Les paradoxes de la puissance militaire américaine
déployée en Irak et en Afghanistan
23 novembre 2003
es Forces armées US disposent aujourd'hui d'une puissance
inégalée, mais celle-ci est paradoxalement entravée par un ensemble de règles
inadaptées et de préjugés ineptes. L'historien militaire Victor Davis Hanson en
établit l'analyse.
Les critiques blâment aujourd'hui les militaires américains,
qui ont désintégré les forces de Saddam Hussein du Koweït au Kurdistan en trois
semaines, pour leur incapacité apparente à restaurer la civilisation en Irak -
six mois seulement après la fin du cauchemar de 30 ans imposé par le même
Saddam Hussein.
«... Il est essentiel pour les militaires de trouver le moyen de donner aux Américains l'assurance qu'ils sont sur l'offensive, toujours en mouvement, et toujours en mesure de combattre leurs ennemis. »

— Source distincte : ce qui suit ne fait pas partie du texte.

Theorem theorem14 (R : realType) (n m : nat)
  (nrm : 'rV[R]_n -> R) (f : 'rV[R]_n -> 'rV[R]_m -> 'rV[R]_n)
  (U : set 'rV[R]_m) (A : set 'rV[R]_n)
  (alpha : 'rV[R]_n -> R) (p lo hi pbar : R)
  (w : set 'rV[R]_n -> R) :
  is_norm nrm ->
  continuous (fun xu : 'rV[R]_n * 'rV[R]_m => f xu.1 xu.2) ->
  compact U -> U !=set0 ->
  Kset A ->
  controlled_invariant f U A ->
  local_lp_stabilizable nrm f U A p ->
  continuous alpha ->
  0 < lo -> 0 < hi -> p <= pbar ->
  (forall x, 0 <= alpha x) ->
  (forall x, lo * (dist nrm x A) `^ pbar <= alpha x /\
             alpha x <= hi * (dist nrm x A) `^ pbar) ->
  (exists B : R, forall X, Kset X -> `|w X| <= B) ->
  (forall X, Kset X ->
     w X - w (Fimg f U X) = xi alpha X * (1 - w (Fimg f U X))) ->
  (forall X, Kset X -> X `&` DA nrm f U A !=set0 ->
     (fun k => w (Reach f U X k)) @ \oo --> (0 : R)) ->
  forall X, Kset X -> w X = Wfun alpha f U X.
Proof.
move=> nrm_norm f_cont U_compact U_neq0 _ _ stab _ lo0 _ p_pbar alpha_ge0 alpha_bnd
  [B w_bnd] w_rec w_lim X KX.
have [r r0 DA_nbhs] := stabilizable_DA_nbhs nrm_norm stab.
have KR k := Kset_Reach f_cont U_compact U_neq0 k KX.
pose P k := Psi alpha (Reach f U X k).
have P_ge0 k : 0 <= P k by apply: le_Psi => [|y _]; [exact: (KR k).2 | exact: alpha_ge0].
have e_cvg : expR (- \sum_(0 <= j < k) P j) @[k --> \oo] --> 1 - Wfun alpha f U X.
  by rewrite one_sub_Wfun; exact: cvg_expR_Nseries.
suff w_cvg : (fun=> 1 - w X) @ \oo --> 1 - Wfun alpha f U X.
  have one_sub_eq : 1 - w X = 1 - Wfun alpha f U X :=
    cvg_unique (@Rhausdorff R) (cvg_cst (1 - w X)) w_cvg.
  by rewrite -(subKr 1 (w X)) one_sub_eq subKr.
rewrite (eq_cvg _ _ (fun k => one_sub_w_Reach f_cont U_compact U_neq0 w_rec k KX)).
have [DAX | noDAX] := pselect (X `&` DA nrm f U A !=set0).
  rewrite -[1 - Wfun _ _ _ _]mulr1 -[X in _ * X](subr0 1).
  by apply: cvgM e_cvg _; apply: cvgB (w_lim X KX DAX); exact: cvg_cst.
have pbar_ge0 : 0 <= pbar.
  by case: stab => [_ [_ [_ [_ [_ [p0 _]]]]]]; exact: le_trans (ltW p0) p_pbar.
have c0 : 0 < lo * r `^ pbar by rewrite mulr_gt0 // powR_gt0.
have P_ge k : lo * r `^ pbar <= P k.
  by apply: Psi_Reach_ge (ltW lo0) pbar_ge0 r0 _ DA_nbhs noDAX => // x; case: (alpha_bnd x).
have e0 : expR (- \sum_(0 <= j < k) P j) @[k --> \oo] --> 0.
  exact: cvg_comp (partial_sum_cvgy c0 P_ge) (@cvgr_expR R).
rewrite (cvg_unique (@Rhausdorff R) e_cvg e0).
apply: (@cvg0_mul_bounded _ _ _ (1 + B) e0) => k.
by apply: le_trans (ler_normB _ _) _; rewrite normr1 lerD2l w_bnd ?KR.
Qed.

Aucun d'entre eux n'accorde d'importance aux faits que moins
de combattants aient été tués en 2 ans d'affrontements que ceux perdus en
moyenne par semaine au Vietnam, que les ennemis renversés comme les Taliban et
Saddam Hussein proviennent en droite ligne des temps les plus sombres, que ces
efforts soient incompréhensibles sans le 11 septembre, que des démocraties
soient installées au lieu d'hommes liges tyranniques, et que reconstruire
l'Irak à 11'000 km de distance semble aller plus vite que rebâtir sur le
cratère de Manhattan.
Pour quelle raison ? Parce que nous sommes dans une
guerre qui n'est pas vraiment une guerre, mais dont nous commençons seulement à
mesurer les règles déconcertantes.
La minute impitoyable
Bien avant le refus de foncer sur Bagdad en 1991,
l'incapacité à détruire un ennemi mis en déroute a souvent auguré un quasi
désastre pour une force victorieuse. Pensez à la pause allemande aux abords de
Dunkerque, lorsque le Corps expéditionnaire britannique s'échappait largement
intact vers l'Angleterre, ou au laxisme des Alliés dans la fermeture de la
poche de Falaise, à l'été 1944, qui permit à des milliers d'Allemands de
s'échapper, de se regrouper et d'attaquer 6 mois plus tard dans les Ardennes.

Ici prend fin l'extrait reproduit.